(* Both claims follow from "R_a moves no state of a level g <= a", proved by
   well-founded induction on a.
   - For a = 0, R_0 = ~_e, and the formulas <0>_{>r} T read off the total
     mass tau_0((x,g), S), which is x on level 0 and 1 elsewhere.
   - For a > 0, a pair ((z,g),(y,eta)) in R_a lies in O(R_c) for some c < a
     above any prescribed h < a; by induction R_c fixes level h, so each
     rectangle A x {h} with A in B_V is R_c-closed and gets the same
     tau-measure at both states.  The total mass separates level 0 from the
     others; for g > 0, testing with I x {alpha_n(g)} recovers the
     fundamental sequence of eta, hence eta = g, and testing with
     V x {alpha_n(g)}, where m0(V) <> m1(V), separates z from y by a
     rational q_n between them. *)

Section WellOrders.
Variables (B : Type) (lt : B -> B -> Prop).
Hypothesis Hwf : well_founded lt.
Hypothesis Htrans : forall a b c, lt a b -> lt b c -> lt a c.
Hypothesis Htotal : forall a b, lt a b \/ a = b \/ lt b a.

Lemma lt_irrefl x : ~ lt x x.
Proof. by elim: (Hwf x) => y _ IH yy; exact: (IH y yy yy). Qed.

Lemma zero_uniq a b : is_zero lt a -> is_zero lt b -> a = b.
Proof. by move=> za zb; case: (Htotal a b) => [/zb|[|/za]]. Qed.

Lemma succ_uniq a b g : is_succ_of lt a g -> is_succ_of lt b g -> a = b.
Proof.
move=> [ga Ha] [gb Hb]; case: (Htotal a b) => [ab|[//|ba]].
- by case: (Hb a ga ab).
- by case: (Ha b gb ba).
Qed.

Lemma nonzero_cases a :
  ~ is_zero lt a -> is_limit lt a \/ exists g, is_succ_of lt a g.
Proof.
by move=> nz; case: (pselect (exists g, is_succ_of lt a g)) => h; [right|left].
Qed.

Lemma nonzero_has_pred a : ~ is_zero lt a -> exists b, lt b a.
Proof. by move=> nz; apply: contra_notP nz => h b hb; apply: h; exists b. Qed.

Lemma succ_exists g d : lt g d -> exists d', is_succ_of lt d' g.
Proof.
elim: (Hwf d) => {}d _ IH gd.
case: (pselect (exists e, lt g e /\ lt e d)) => [[e [ge ed]]|h].
  exact: (IH e ed ge).
by exists d; split => // e ge ed; apply: h; exists e.
Qed.

Lemma lt_succ_le d g c : is_succ_of lt d g -> lt c d -> le lt c g.
Proof.
move=> [gd Hd] cd; case: (Htotal c g) => [cg|[cg|gc]]; [by left|by right|].
by case: (Hd c gc cd).
Qed.

Lemma succ_below_limit g d l :
  is_limit lt l -> lt g l -> is_succ_of lt d g -> lt d l.
Proof.
move=> [_ nsucc] gl sd; case: (Htotal d l) => [//|[e|ld]].
- by subst d; case: nsucc; exists g.
- by case: (sd.2 l gl ld).
Qed.

Variable alpha : nat -> B -> B.
Hypothesis Halpha : fundamental_sequences lt alpha.

Lemma alpha_lt c n : ~ is_zero lt c -> lt (alpha n c) c.
Proof.
move: Halpha => [_ [Hs Hl]] nz.
case: (nonzero_cases nz) => [/Hl [_ [_ [H _]]]//|[g Hg]].
by rewrite (Hs _ _ _ Hg); case: Hg.
Qed.

(* A nonzero ordinal is determined by its fundamental sequence: a limit
   sequence is strictly increasing while a successor sequence is constant,
   and a limit is the supremum of its sequence. *)
Lemma fundamental_sequences_inj c d :
  ~ is_zero lt c -> ~ is_zero lt d -> (forall n, alpha n c = alpha n d) -> c = d.
Proof.
move=> zc zd E; have [_ [Hs Hl]] := Halpha.
have lim_succ c' d' g : is_limit lt c' -> is_succ_of lt d' g ->
    (forall n, alpha n c' = alpha n d') -> False.
  move=> /Hl [incr _] sd E'.
  by have := incr 0%N; rewrite !E' !(Hs _ _ _ sd); exact: lt_irrefl.
have lim_lim c' d' : is_limit lt c' -> is_limit lt d' ->
    (forall n, alpha n c' = alpha n d') -> ~ lt c' d'.
  move=> /Hl [_ [_ [ltc _]]] /Hl [_ [_ [_ cof]]] E' cd.
  have [m Hm] := cof c' cd; rewrite -E' in Hm.
  exact: (lt_irrefl (Htrans Hm (ltc m))).
case: (nonzero_cases zc) => [lc|[g sc]]; case: (nonzero_cases zd) => [ld|[g' sd]].
- case: (Htotal c d) => [cd|[//|dc]]; first by case: (lim_lim c d lc ld E cd).
  by case: (lim_lim d c ld lc (fun n => esym (E n)) dc).
- by case: (lim_succ c d g' lc sd E).
- by case: (lim_succ d c g ld sc (fun n => esym (E n))).
- have := E 0%N; rewrite (Hs _ _ _ sc) (Hs _ _ _ sd) => eg; subst g'.
  exact: (succ_uniq sc sd).
Qed.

> [What the task asks]:
Print only these lines, please. They run from the start of the entries above to the line containing "mass tau_0((x,g), S), which", both ends included, and must match exactly.

> [Solution]:
(* Both claims follow from "R_a moves no state of a level g <= a", proved by
   well-founded induction on a.
   - For a = 0, R_0 = ~_e, and the formulas <0>_{>r} T read off the total
     mass tau_0((x,g), S), which is x on level 0 and 1 elsewhere.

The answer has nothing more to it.